Sidon (Roberts 1855)

 

A Personal Story

            During the First Lebanon War, I was one of the infantry soldiers who advanced north through the length of the Beqaa Valley. When we passed through the area of Lake Qaraoun, the rations we took with us ran out. We reached a kind of dried fruit factory, where we found packs of dried figs that were grown locally. We ate them, and they were both delicious and filling. When I finished eating these figs to my heart’s content and stood to recite the berakha acharona, I had to make a quick decision on the spot regarding a seemingly picayune matter – but one that at the same time bore colossal significance. According to halakha, the blessing that one recites after consuming fruit from outside the land of Israel concludes with the formula “for the land and for the fruit (al ha-aretz ve-al ha-peirot)”; after consuming the fruit of the land of Israel, however, one recites, “for the land and for its fruit (al ha-aretz ve-al peiroteha).” That moment of realization filled me with exhilaration, as I recited – with utmost focus and intent – “for the land and for its fruit”!

The author (right) with a friend in Kamed el-Lawz in the Beqaa Valley in Lebanon
(Summer 1982)

 

For further study:

Yoel Elitzur, “Ha-gam Ha-Levanon Be-Eretz Yisrael?Nekuda 48, 1983, 10-13 [Hebrew].

H. O. Thompson, “Kanah,” Anchor Bible Dictionary 4, 5.

 

Translated by Daniel Landman

 


[1] Onkelos translates: “Tura tava ha-dein u-veit makdesha.”

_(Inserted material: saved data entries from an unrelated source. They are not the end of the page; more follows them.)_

Lemma uniq_cycles : uniq (cyc1 ++ cyc2).
Proof.
have hmod m : m %% N < N by rewrite ltn_mod.
have hdiv m : m < 3 * N -> m %/ N < 3 by rewrite ltn_divLR.
rewrite cat_uniq; apply/and3P; split.
- rewrite map_inj_in_uniq ?iota_uniq // => k l.
  rewrite !mem_iota !add0n => /andP [_ hk] /andP [_ hl] e.
  by case: (walk_inj hdb hk hl e).
- apply/hasPn => x /mem_mkseqP [l hl ->]; apply/negP => /mem_mkseqP [k hk].
  rewrite walk_mod => /(walk_inj hdb (hmod l) hk) [e _].
  exact: (Dmap_orbit_nofix (hdiv l hl) e).
- rewrite map_inj_in_uniq ?iota_uniq // => k l.
  rewrite !mem_iota !add0n => /andP [_ hk] /andP [_ hl].
  rewrite (walk_mod _ _ _ k) (walk_mod _ _ _ l).
  case/(walk_inj hdb (hmod k) (hmod l)) => /Dmap_orbit_inj eq er.
  by rewrite (divn_eq k N) (divn_eq l N) eq ?hdiv // er.
Qed.

Lemma cyc1_step k : k < N -> seq_cycle_edge cyc1 (walk n b f k) (walk n b f k.+1).
Proof.
move=> hk; move: uniq_cycles; rewrite cat_uniq => /andP [u1 _].
by rewrite /seq_cycle_edge /cyc1; have [-> /eqP] := next_mkseq u1 cyc1_closes hk.
Qed.

Lemma cyc2_step k : k < 3 * N ->
  seq_cycle_edge cyc2 (walk n b g k) (walk n b g k.+1).
Proof.
move=> hk; move: uniq_cycles; rewrite cat_uniq => /and3P [_ _ u2].
by rewrite /seq_cycle_edge /cyc2; have [-> /eqP] := next_mkseq u2 cyc2_closes hk.
Qed.

Lemma walk_step_on_cycles t r :
  seq_cycle_edge cyc1 (walk n b t r) (walk n b t r.+1) \/
  seq_cycle_edge cyc2 (walk n b t r) (walk n b t r.+1).
Proof.
rewrite (walk_mod _ _ _ r).
have -> : walk n b t r.+1 = walk n b (iter (r %/ N) D t) (r %% N).+1.
  by rewrite -walk_period addnS -divn_eq.
have hr : r %% N < N by rewrite ltn_mod.
case: (iter (r %/ N) D t =P f) => [->|/Dmap_orbit [q hq ->]].
  by left; apply: cyc1_step.
by right; rewrite -!walk_period addnS; apply: cyc2_step; apply: orbit_time.
Qed.

Lemma cycles_vertices x : x \in cyc1 ++ cyc2 <-> pre_vertex n b x.
Proof.
split=> [|/pre_vertexP [t [r [_ ->]]]].
  rewrite mem_cat => /orP [] /mem_mkseqP [k hk ->]; apply/pre_vertexP.
    by exists f, k.
  by rewrite walk_mod; exists (iter (k %/ N) D g), (k %% N); rewrite ltn_mod.
rewrite mem_cat; case: (walk_step_on_cycles t r) => /andP [-> _] //.
by rewrite orbT.
Qed.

[2] According to Yehuda Kiel’s accurate analysis in Da’at Mikra, we can see from the context in this verse as well as from Joshua 11:8 that Misrephoth-maim refers to a certain point at the top of the southern or central Mount Lebanon region.

[3] See Map 46 below.

[4] The name levanon, from the word lavan, meaning “white,” certainly refers to the white snow that adorns its peaks.

[5] See our discussion on Parashat Mishpatim.

[6] See our discussion on Parashat Noach.